(Collected data)

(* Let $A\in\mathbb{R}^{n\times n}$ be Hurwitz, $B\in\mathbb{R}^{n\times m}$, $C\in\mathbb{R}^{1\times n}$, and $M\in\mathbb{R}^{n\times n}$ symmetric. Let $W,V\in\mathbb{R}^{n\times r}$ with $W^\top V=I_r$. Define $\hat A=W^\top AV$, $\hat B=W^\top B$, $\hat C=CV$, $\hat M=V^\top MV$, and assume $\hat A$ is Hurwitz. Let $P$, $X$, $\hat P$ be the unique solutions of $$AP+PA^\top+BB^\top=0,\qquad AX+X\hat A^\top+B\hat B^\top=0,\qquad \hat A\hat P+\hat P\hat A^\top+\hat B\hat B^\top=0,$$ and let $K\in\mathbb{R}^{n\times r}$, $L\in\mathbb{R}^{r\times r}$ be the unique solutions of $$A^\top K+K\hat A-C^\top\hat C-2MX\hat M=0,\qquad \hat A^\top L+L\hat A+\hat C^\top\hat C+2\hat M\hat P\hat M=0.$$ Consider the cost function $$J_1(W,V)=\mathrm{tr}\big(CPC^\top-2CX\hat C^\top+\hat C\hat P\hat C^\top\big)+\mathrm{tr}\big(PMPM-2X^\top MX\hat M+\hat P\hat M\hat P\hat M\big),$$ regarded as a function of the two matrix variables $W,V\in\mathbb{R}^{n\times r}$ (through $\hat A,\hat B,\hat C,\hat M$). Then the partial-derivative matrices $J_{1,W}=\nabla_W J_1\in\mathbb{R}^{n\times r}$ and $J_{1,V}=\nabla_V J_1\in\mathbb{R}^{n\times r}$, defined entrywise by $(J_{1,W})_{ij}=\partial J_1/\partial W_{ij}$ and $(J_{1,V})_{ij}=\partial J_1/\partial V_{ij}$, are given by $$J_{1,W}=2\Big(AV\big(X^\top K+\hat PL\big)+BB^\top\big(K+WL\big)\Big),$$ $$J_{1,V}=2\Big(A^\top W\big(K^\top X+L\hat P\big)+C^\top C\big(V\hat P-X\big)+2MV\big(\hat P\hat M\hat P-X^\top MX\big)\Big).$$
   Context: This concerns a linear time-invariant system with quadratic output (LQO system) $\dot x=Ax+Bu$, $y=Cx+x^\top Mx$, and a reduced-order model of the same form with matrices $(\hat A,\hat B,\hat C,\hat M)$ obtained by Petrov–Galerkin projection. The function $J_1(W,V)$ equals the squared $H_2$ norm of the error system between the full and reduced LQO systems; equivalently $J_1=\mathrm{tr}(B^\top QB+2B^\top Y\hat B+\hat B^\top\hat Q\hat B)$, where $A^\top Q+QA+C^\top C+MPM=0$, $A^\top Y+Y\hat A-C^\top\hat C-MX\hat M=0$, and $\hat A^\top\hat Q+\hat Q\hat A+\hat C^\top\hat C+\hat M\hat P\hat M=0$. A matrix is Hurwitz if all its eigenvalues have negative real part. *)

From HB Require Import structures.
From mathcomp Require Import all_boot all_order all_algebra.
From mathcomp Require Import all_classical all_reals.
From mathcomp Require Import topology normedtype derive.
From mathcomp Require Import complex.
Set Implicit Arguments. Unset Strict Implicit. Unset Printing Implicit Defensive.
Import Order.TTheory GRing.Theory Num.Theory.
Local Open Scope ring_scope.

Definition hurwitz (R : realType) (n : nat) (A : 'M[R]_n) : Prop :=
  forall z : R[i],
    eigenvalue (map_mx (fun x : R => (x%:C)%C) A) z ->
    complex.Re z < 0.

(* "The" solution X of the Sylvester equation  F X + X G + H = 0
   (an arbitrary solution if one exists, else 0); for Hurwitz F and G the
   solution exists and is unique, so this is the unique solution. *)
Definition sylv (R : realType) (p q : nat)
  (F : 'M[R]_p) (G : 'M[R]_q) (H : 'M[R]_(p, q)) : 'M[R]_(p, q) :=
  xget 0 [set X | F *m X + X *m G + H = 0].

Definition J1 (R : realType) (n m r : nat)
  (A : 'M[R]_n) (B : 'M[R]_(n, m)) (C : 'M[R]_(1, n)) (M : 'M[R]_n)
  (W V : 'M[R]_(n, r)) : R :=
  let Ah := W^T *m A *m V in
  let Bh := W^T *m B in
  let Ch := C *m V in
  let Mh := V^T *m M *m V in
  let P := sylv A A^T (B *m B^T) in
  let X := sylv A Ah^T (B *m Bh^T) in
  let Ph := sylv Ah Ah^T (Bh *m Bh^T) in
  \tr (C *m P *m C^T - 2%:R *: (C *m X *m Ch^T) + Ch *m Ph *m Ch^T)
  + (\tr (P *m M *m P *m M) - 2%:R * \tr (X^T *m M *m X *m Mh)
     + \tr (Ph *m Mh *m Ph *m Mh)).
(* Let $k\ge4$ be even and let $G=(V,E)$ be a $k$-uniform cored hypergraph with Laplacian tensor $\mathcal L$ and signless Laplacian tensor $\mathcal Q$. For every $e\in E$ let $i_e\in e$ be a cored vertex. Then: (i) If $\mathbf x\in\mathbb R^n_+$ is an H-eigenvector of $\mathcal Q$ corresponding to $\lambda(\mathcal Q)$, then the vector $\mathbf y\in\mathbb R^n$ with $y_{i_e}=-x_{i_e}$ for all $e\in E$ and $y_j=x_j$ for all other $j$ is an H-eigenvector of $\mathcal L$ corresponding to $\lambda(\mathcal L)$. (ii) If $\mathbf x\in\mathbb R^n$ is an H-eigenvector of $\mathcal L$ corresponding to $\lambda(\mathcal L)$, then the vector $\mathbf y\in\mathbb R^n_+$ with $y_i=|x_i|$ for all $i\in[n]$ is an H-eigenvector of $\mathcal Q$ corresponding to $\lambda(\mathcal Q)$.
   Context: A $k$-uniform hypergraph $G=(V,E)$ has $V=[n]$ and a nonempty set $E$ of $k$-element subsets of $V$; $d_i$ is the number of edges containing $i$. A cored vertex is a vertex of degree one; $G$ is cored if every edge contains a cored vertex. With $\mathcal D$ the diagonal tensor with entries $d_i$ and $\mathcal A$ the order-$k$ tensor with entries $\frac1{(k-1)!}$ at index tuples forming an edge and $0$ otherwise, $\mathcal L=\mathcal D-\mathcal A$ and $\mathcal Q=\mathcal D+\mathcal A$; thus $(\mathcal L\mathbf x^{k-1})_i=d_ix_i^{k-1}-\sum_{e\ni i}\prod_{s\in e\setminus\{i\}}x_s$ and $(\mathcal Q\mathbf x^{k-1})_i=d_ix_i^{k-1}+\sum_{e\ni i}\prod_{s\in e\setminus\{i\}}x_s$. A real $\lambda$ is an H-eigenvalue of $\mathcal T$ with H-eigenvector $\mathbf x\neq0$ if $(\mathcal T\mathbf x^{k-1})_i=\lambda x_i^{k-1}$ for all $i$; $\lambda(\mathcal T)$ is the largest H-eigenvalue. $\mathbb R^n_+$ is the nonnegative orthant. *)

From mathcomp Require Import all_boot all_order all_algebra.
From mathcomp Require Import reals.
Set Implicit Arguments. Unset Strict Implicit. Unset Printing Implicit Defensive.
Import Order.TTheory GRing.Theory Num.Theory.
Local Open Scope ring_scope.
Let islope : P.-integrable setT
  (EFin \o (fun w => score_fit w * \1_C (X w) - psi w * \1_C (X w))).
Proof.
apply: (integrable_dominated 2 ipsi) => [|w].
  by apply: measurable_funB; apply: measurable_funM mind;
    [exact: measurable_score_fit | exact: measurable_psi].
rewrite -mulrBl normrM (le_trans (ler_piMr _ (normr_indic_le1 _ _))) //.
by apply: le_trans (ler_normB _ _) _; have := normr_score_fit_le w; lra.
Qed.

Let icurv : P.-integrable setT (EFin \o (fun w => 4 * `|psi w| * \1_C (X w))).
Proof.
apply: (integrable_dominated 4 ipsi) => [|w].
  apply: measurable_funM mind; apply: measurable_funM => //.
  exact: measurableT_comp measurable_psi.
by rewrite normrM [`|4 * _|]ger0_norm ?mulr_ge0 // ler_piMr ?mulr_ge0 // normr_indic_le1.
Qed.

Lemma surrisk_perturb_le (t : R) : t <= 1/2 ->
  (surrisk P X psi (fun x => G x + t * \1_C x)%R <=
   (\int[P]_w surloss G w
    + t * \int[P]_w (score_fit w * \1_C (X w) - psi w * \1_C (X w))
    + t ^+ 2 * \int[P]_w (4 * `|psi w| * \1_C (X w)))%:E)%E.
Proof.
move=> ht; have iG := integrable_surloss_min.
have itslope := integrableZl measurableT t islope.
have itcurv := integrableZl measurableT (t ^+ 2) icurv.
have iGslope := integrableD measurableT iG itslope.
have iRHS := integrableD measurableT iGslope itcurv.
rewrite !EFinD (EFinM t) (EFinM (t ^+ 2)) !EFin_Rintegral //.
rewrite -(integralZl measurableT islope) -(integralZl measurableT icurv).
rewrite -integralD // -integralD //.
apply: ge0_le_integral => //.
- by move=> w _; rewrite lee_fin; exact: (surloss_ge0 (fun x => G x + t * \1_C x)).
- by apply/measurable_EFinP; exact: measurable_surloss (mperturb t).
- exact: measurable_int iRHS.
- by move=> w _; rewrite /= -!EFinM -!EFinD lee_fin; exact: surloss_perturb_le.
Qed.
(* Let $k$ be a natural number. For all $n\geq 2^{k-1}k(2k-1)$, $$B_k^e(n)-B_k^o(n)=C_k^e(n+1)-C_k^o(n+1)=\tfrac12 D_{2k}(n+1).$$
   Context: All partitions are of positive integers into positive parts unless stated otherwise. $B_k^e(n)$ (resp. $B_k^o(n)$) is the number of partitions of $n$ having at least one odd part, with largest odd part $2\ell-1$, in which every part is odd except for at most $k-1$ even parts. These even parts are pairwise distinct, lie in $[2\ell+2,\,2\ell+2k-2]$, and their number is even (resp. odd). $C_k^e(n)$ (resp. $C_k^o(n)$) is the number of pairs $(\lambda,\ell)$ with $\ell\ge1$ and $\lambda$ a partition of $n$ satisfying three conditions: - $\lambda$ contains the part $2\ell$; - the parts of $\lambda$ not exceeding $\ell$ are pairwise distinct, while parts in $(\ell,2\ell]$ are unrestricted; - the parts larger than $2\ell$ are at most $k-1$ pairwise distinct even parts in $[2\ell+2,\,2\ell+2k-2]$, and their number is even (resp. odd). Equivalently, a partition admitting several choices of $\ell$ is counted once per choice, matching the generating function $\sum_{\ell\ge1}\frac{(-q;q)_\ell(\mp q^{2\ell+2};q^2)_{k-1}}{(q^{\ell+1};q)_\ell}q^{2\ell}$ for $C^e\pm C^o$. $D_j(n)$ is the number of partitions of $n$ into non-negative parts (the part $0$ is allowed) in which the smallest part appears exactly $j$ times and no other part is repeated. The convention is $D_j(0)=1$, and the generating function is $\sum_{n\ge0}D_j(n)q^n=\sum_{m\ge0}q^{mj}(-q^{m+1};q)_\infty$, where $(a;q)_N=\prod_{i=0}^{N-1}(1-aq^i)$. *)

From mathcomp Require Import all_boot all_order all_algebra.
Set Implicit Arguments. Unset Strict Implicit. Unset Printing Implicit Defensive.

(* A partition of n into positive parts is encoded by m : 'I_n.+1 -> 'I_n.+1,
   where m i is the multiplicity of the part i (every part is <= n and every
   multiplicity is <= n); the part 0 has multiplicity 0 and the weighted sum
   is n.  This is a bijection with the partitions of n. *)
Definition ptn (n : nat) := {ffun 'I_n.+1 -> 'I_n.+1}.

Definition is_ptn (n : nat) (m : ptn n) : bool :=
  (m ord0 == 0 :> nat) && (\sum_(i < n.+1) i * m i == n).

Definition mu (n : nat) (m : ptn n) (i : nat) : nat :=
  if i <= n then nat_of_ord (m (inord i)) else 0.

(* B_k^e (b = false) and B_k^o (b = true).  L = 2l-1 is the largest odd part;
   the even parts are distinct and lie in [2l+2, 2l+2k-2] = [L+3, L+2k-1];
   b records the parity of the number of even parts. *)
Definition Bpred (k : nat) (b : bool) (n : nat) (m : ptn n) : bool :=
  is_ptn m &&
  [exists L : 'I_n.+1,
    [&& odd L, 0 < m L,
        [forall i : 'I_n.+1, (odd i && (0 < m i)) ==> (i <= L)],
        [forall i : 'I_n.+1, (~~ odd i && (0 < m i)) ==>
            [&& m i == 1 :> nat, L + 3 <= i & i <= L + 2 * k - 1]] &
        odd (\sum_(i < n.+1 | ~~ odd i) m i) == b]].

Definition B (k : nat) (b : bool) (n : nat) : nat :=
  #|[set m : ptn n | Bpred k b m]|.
==
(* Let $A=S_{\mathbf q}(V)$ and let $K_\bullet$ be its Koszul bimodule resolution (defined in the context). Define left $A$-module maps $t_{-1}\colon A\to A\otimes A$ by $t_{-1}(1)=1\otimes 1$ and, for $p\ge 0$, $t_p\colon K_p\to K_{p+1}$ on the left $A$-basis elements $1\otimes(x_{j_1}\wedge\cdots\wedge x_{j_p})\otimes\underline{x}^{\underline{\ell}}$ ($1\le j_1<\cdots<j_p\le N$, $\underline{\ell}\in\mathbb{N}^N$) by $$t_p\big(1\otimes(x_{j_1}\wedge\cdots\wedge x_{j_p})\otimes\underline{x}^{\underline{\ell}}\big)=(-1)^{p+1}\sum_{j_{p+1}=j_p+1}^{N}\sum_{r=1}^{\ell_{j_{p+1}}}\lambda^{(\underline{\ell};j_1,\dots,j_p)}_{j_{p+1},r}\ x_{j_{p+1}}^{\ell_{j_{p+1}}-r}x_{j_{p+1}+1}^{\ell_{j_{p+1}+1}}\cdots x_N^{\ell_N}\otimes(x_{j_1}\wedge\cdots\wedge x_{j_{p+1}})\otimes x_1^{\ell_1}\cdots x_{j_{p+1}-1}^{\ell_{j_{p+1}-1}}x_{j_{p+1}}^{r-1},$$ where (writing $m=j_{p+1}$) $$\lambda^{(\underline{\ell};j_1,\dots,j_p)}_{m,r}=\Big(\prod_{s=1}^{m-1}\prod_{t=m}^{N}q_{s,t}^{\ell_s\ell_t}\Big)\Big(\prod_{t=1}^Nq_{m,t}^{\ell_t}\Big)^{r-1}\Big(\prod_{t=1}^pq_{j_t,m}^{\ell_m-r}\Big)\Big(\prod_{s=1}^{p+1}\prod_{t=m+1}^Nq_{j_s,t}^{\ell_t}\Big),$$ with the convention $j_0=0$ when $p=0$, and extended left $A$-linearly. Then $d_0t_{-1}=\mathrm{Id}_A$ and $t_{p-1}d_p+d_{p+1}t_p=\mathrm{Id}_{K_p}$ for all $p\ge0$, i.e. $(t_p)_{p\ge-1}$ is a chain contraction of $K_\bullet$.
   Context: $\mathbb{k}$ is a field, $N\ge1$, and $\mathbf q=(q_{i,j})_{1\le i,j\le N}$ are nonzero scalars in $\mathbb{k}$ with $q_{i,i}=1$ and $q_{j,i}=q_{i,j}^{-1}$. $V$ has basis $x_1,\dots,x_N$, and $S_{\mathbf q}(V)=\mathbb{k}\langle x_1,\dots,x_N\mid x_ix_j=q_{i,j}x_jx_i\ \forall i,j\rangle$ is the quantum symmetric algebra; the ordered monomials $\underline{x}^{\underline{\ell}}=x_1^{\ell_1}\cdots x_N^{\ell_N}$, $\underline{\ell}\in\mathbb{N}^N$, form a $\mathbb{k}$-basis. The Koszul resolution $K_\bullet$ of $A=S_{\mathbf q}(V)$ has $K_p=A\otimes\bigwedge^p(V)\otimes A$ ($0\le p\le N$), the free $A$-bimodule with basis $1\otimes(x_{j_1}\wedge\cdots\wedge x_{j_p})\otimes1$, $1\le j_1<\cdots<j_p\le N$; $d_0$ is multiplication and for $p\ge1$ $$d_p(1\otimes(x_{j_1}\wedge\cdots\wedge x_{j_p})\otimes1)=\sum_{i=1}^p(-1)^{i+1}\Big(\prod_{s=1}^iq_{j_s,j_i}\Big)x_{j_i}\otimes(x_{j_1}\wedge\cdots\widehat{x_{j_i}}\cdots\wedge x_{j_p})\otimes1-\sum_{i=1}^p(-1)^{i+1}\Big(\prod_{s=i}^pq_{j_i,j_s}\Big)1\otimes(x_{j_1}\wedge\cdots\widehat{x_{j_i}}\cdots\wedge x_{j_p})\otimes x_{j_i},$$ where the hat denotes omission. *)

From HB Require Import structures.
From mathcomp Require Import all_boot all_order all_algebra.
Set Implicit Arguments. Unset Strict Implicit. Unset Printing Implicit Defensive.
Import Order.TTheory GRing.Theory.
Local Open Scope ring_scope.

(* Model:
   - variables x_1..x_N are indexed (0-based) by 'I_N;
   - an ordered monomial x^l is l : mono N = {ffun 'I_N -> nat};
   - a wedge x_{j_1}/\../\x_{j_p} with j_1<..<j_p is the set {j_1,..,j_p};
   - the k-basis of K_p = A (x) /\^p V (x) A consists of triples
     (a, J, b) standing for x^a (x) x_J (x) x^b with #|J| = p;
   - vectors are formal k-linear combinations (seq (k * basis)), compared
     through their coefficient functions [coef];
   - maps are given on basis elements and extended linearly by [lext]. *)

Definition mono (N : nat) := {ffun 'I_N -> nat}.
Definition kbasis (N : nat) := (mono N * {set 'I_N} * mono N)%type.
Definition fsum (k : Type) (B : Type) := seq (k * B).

### What is needed
Collect the lines of the data that carry the word "integrableZl".

### Response
have itslope := integrableZl measurableT t islope.
have itcurv := integrableZl measurableT (t ^+ 2) icurv.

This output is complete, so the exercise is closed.